EXERCISE: The lines below starting at the line containing "a != b -> b != c -> a != c ->" and ending at the line containing "have : f 1 != f" are to be repeated exactly, with both ends kept and nothing else added.
=== Begin Enclosure ===
Lemma strategyproof_upper_invariant : separation_upper_invariant phi.
Proof.
move=> s s' kappa M1 M2 sep k k_kappa; have [_ kappa_lt _ _ _] := sep.
exact: strategyproof_class_mass sep (ltn_trans k_kappa kappa_lt).
Qed.

Lemma strategyproof_lower_invariant : separation_lower_invariant phi.
Proof.
by move=> s s' kappa M1 M2 sep k /andP[_ k_lt]; apply: strategyproof_class_mass sep k_lt.
Qed.

End Necessity.

Unset Implicit Arguments.

Theorem theorem1 (R : realFieldType) (M : finType) (phi : mechanism R M)
  (hlot : forall s, is_pref s -> is_lottery (phi s)) :
  strategyproof phi <->
  [/\ separation_monotonic phi, separation_upper_invariant phi
    & separation_lower_invariant phi].
Proof.
split=> [sp|[[responsive _] upper lower]].
  split; first split.
  - exact: strategyproof_responsive sp.
  - exact: strategyproof_direct sp.
  - exact: strategyproof_upper_invariant sp.
  - exact: strategyproof_lower_invariant sp.
exact: separation_axioms_strategyproof hlot responsive upper lower.
Qed.
(* For $M=2$ there exist unitary operators $S,T$ on $\mathcal{H}_2\otimes\mathcal{H}_2$ such that $S\bar{Q}_fT=U_f$ for both permutations $f$ of $\mathbb{Z}_2$. For every integer $M\ge3$ there do not exist unitary operators $S,T$ on $\mathcal{H}_M\otimes\mathcal{H}_M$ such that $S\bar{Q}_fT=U_f$ for every permutation $f$ of $\mathbb{Z}_M$.
   Context: $\mathcal{H}_M$ is an $M$-dimensional Hilbert space with orthonormal basis $\{|x\rangle\}_{x\in\mathbb{Z}_M}$. For a permutation $f$ of $\mathbb{Z}_M$: the standard oracle operator is $U_f$ on $\mathcal{H}_M\otimes\mathcal{H}_M$ with $U_f|x\rangle\otimes|y\rangle=|x\rangle\otimes|y\oplus f(x)\rangle$ ($\oplus$ addition mod $M$); the minimal oracle operator is $Q_f$ on $\mathcal{H}_M$ with $Q_f|x\rangle=|f(x)\rangle$; the entanglement-assisted minimal oracle operator is $\bar{Q}_f=Q_f\otimes\mathbb{1}_M$. *)

(* Operators on H_M (x) H_M are (M*M)x(M*M) matrices over an
   arbitrary numClosedFieldType C (covers the complex numbers). The basis
   vector |x> (x) |y> is index mxtens_index (x, y); column b of a matrix is the
   image of basis vector b. *)
From HB Require Import structures.
From mathcomp Require Import all_boot all_order all_algebra all_fingroup.
From mathcomp Require Import spectral.
From mathcomp Require Import mxtens.
Set Implicit Arguments. Unset Strict Implicit. Unset Printing Implicit Defensive.
Import Order.TTheory GRing.Theory Num.Theory.
Local Open Scope ring_scope.

Section Oracles.
Variable C : numClosedFieldType.
Variable M : nat.

Definition addM_eq (z y w : 'I_M) : bool := val z == ((val y + val w) %% M)%N.

(* standard oracle: U_f |x>|y> = |x>|y (+) f x> *)
Definition Uop (f : {perm 'I_M}) : 'M[C]_(M * M) :=
  \matrix_(i, j)
    (((mxtens_unindex i).1 == (mxtens_unindex j).1)
     && addM_eq (mxtens_unindex i).2 (mxtens_unindex j).2
                (f (mxtens_unindex j).1))%:R.

Definition Qop (f : {perm 'I_M}) : 'M[C]_M :=
  \matrix_(i, j) (i == f j)%:R.

Definition Qbar (f : {perm 'I_M}) : 'M[C]_(M * M) := Qop f *t (1%:M : 'M[C]_M).

End Oracles.

(* All the operators involved are permutation matrices of the basis |x>|y>.
   Since Q_f Q_g = Q_(f o g), a simulation S Q_f T = U_f forces
   U_f W U_g = U_(f o g) with W = T^-1 S^-1; taking f = g = 1 gives
   W = U_1^-1, and reading off the image of |x>|0> then yields
   f (g x) = f x - x + g x for all permutations f, g.  For M >= 3 the
   transpositions (0 1) and (1 2) violate this at x = 1.  For M = 2 every
   permutation is a translation z |-> z + c, and then U_f is Q_f (x) 1
   conjugated by |x>|y> |-> |x + y>|x> and the swap. *)
From HB Require Import structures.
From mathcomp Require Import all_boot all_order all_algebra all_fingroup.
From mathcomp Require Import spectral mxtens.
Set Implicit Arguments. Unset Strict Implicit. Unset Printing Implicit Defensive.
Import Order.TTheory GRing.Theory Num.Theory.
Local Open Scope ring_scope.
Local Open Scope sesquilinear_scope.

Section FunMx.
Variables (R : nzRingType) (m n : nat).

Definition fun_mx (h : 'I_m * 'I_n -> 'I_m * 'I_n) : 'M[R]_(m * n) :=
  \matrix_(i, j) (mxtens_unindex i == h (mxtens_unindex j))%:R.

Lemma fun_mxM h k : fun_mx h *m fun_mx k = fun_mx (h \o k).
Proof.
apply/matrixP => i j; rewrite !mxE.
rewrite (bigD1 (mxtens_index (k (mxtens_unindex j)))) //= big1 => [|l ne].
  by rewrite !mxE mxtens_indexK eqxx mulr1 addr0.
rewrite !mxE; case: (mxtens_unindex l =P _) => [kl | _]; last by rewrite mulr0.
by rewrite -kl mxtens_unindexK eqxx in ne.
Qed.

Lemma eq_fun_mx h k : h =1 k -> fun_mx h = fun_mx k.
Proof. by move=> hk; apply/matrixP => i j; rewrite !mxE hk. Qed.

Lemma fun_mx_id : fun_mx id = 1%:M.
Proof.
by apply/matrixP => i j; rewrite !mxE (can_eq (@mxtens_unindexK m n)).
Qed.

Lemma fun_mx_can h h' : cancel h' h -> fun_mx h *m fun_mx h' = 1%:M.
Proof. by move=> hK; rewrite fun_mxM -fun_mx_id; apply: eq_fun_mx. Qed.

Lemma fun_mx_inj h k : fun_mx h = fun_mx k -> h =1 k.
Proof.
move=> hk p; move/matrixP/(_ (mxtens_index (h p)) (mxtens_index p)): hk.
rewrite !mxE !mxtens_indexK eqxx.
by case: eqP => // _ /eqP; rewrite oner_eq0.
Qed.

End FunMx.

Lemma fun_mx_unitary (C : numClosedFieldType) m n (h : 'I_m * 'I_n -> _) :
  bijective h -> fun_mx C h \is unitarymx.
Proof.
case=> h' hK h'K; have adj_h : (fun_mx C h)^t* = fun_mx C h'.
  apply/matrixP => i j; rewrite !mxE conjC_nat.
  by congr (nat_of_bool _)%:R; apply/eqP/eqP => [-> | ->].
by apply/unitarymxP; rewrite adj_h fun_mx_can.
Qed.

Section MinimalOracle.
Variables (C : numClosedFieldType) (M : nat).

Lemma Qbar_fun_mx (f : {perm 'I_M}) :
  Qbar C f = fun_mx C (fun p : 'I_M * 'I_M => (f p.1, p.2)).
Proof.
apply/matrixP => i j; rewrite !mxE.
case: (mxtens_unindex i) => a b; case: (mxtens_unindex j) => c d /=.
by rewrite xpair_eqE -natrM mulnb.
Qed.

Lemma QbarM (f g : {perm 'I_M}) : Qbar C f *m Qbar C g = Qbar C (g * f).
Proof. by rewrite !Qbar_fun_mx fun_mxM; apply: eq_fun_mx => p; rewrite permM. Qed.

End MinimalOracle.

Section StandardOracle.
Variables (C : numClosedFieldType) (n : nat).
Local Notation M := n.+1.

(* The ring 'I_n.+1 adds modulo n.+1, which makes [Uop] literally [fun_mx (ctrl_add f)]. *)
Definition ctrl_add (h : 'I_M -> 'I_M) (p : 'I_M * 'I_M) := (p.1, p.2 + h p.1).

Lemma ctrl_addK h : cancel (ctrl_add h) (ctrl_add (fun x => - h x)).
Proof. by case=> x y; rewrite /ctrl_add addrK. Qed.

Lemma ctrl_addNK h : cancel (ctrl_add (fun x => - h x)) (ctrl_add h).
Proof. by case=> x y; rewrite /ctrl_add addrNK. Qed.

Lemma Uop_ctrl_add (f : {perm 'I_M}) : Uop C f = fun_mx C (ctrl_add f).
Proof.
apply/matrixP => i j; rewrite !mxE.
by case: (mxtens_unindex i) => a b; case: (mxtens_unindex j).
Qed.

Lemma oracle_simulation_affine (S T : 'M[C]_(M * M)) :
  (forall f, S *m Qbar C f *m T = Uop C f) ->
  forall (f g : {perm 'I_M}) x, f (g x) = f x - x + g x.
Proof.
move=> sim f g x.
pose V := fun_mx C (ctrl_add (fun x => - (1%g : {perm 'I_M}) x)).
have V_Uop1 : V *m Uop C 1 = 1%:M by rewrite Uop_ctrl_add; apply/fun_mx_can/ctrl_addK.
have Uop1_V : Uop C 1 *m V = 1%:M by rewrite Uop_ctrl_add; apply/fun_mx_can/ctrl_addNK.
have [S_unit T_unit] : S \in unitmx /\ T \in unitmx.
  split; [move: Uop1_V | move: V_Uop1]; rewrite -(sim 1%g).
    by rewrite -!mulmxA => /mulmx1_unit[].
  by rewrite !mulmxA => /mulmx1_unit[].
set W := invmx T *m invmx S.
have UWU (h k : {perm 'I_M}) : Uop C h *m W *m Uop C k = Uop C (k * h).
  by rewrite -!sim -QbarM !mulmxA mulmxK // mulmxKV.
have W_V : W = V.
  transitivity (V *m (Uop C 1 *m W *m Uop C 1) *m V).
    by rewrite !mulmxA V_Uop1 mul1mx -mulmxA Uop1_V mulmx1.
  by rewrite UWU mulg1 V_Uop1 mul1mx.
have := UWU f g; rewrite W_V !Uop_ctrl_add !fun_mxM.
move=> /fun_mx_inj/(_ (x, 0))/(congr1 snd); cbn [snd fst comp ctrl_add].
by rewrite permM perm1 !add0r => <-; rewrite addrAC [RHS]addrAC [g x + _]addrC.
Qed.

Definition swap (p : 'I_M * 'I_M) := (p.2, p.1).
Definition sum_copy (p : 'I_M * 'I_M) := (p.2 + p.1, p.1).

Lemma swap_bij : bijective swap.
Proof. by exists swap => -[]. Qed.

Lemma sum_copy_bij : bijective sum_copy.
Proof.
exists (fun p => (p.2, p.1 - p.2)) => -[x y]; rewrite /sum_copy /=.
  by rewrite addrK.
by rewrite subrK.
Qed.

Lemma translation_oracle_simulation (f : {perm 'I_M}) :
  (forall z, f z = z + f 0) ->
  fun_mx C swap *m Qbar C f *m fun_mx C sum_copy = Uop C f.
Proof.
move=> f_shift; rewrite Qbar_fun_mx Uop_ctrl_add !fun_mxM.
apply: eq_fun_mx => -[x y]; rewrite /swap /sum_copy /ctrl_add /comp; cbn [fst snd].
by rewrite (f_shift (y + x)) (f_shift x) addrA.
Qed.

End StandardOracle.

Lemma tperm_comp_not_affine (V : finZmodType) (a b c : V) :
  a != b -> b != c -> a != c ->
  tperm a b (tperm b c b) != tperm a b b - b + tperm b c b.
Proof.
move=> ab bc ac; rewrite tpermL tpermR tpermD //.
by rewrite eq_sym -subr_eq0 addrK subr_eq0.
Qed.

Lemma perm_Z2_shift (f : {perm 'I_2}) z : f z = z + f 0.
Proof.
have : f 1 != f 0 by rewrite (inj_eq perm_inj).
have [-> _ | ->] : z = 0 \/ z = 1 by case: z => -[|[|//]] ?; [left | right]; apply: val_inj.
  by rewrite add0r.
by case: (f 1) (f 0) => -[|[|//]] ? [[|[|//]] ?] //= _; apply: val_inj.
Qed.

Theorem mainTheorem14 (C : numClosedFieldType) :
  (exists S T : 'M[C]_(2 * 2),
      S \is unitarymx /\ T \is unitarymx /\
      forall f : {perm 'I_2}, S *m Qbar C f *m T = Uop C f) /\
  (forall M : nat, (3 <= M)%N ->
      ~ exists S T : 'M[C]_(M * M),
          S \is unitarymx /\ T \is unitarymx /\
          forall f : {perm 'I_M}, S *m Qbar C f *m T = Uop C f).
Proof.
split.
  exists (fun_mx C (@swap 1)), (fun_mx C (@sum_copy 1)).
  split; first exact/fun_mx_unitary/swap_bij.
  split; first exact/fun_mx_unitary/sum_copy_bij.
  by move=> f; apply/translation_oracle_simulation/perm_Z2_shift.
case=> [|[|[|n]]] // _ [S [T [_ [_ sim]]]].
have := oracle_simulation_affine sim (tperm 0 1) (tperm 1 2) 1.
by apply/eqP/tperm_comp_not_affine.
Qed.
=== End Enclosure ===
WRITTEN SOLUTION:
  a != b -> b != c -> a != c ->
  tperm a b (tperm b c b) != tperm a b b - b + tperm b c b.
Proof.
move=> ab bc ac; rewrite tpermL tpermR tpermD //.
by rewrite eq_sym -subr_eq0 addrK subr_eq0.
Qed.

Lemma perm_Z2_shift (f : {perm 'I_2}) z : f z = z + f 0.
Proof.
have : f 1 != f 0 by rewrite (inj_eq perm_inj).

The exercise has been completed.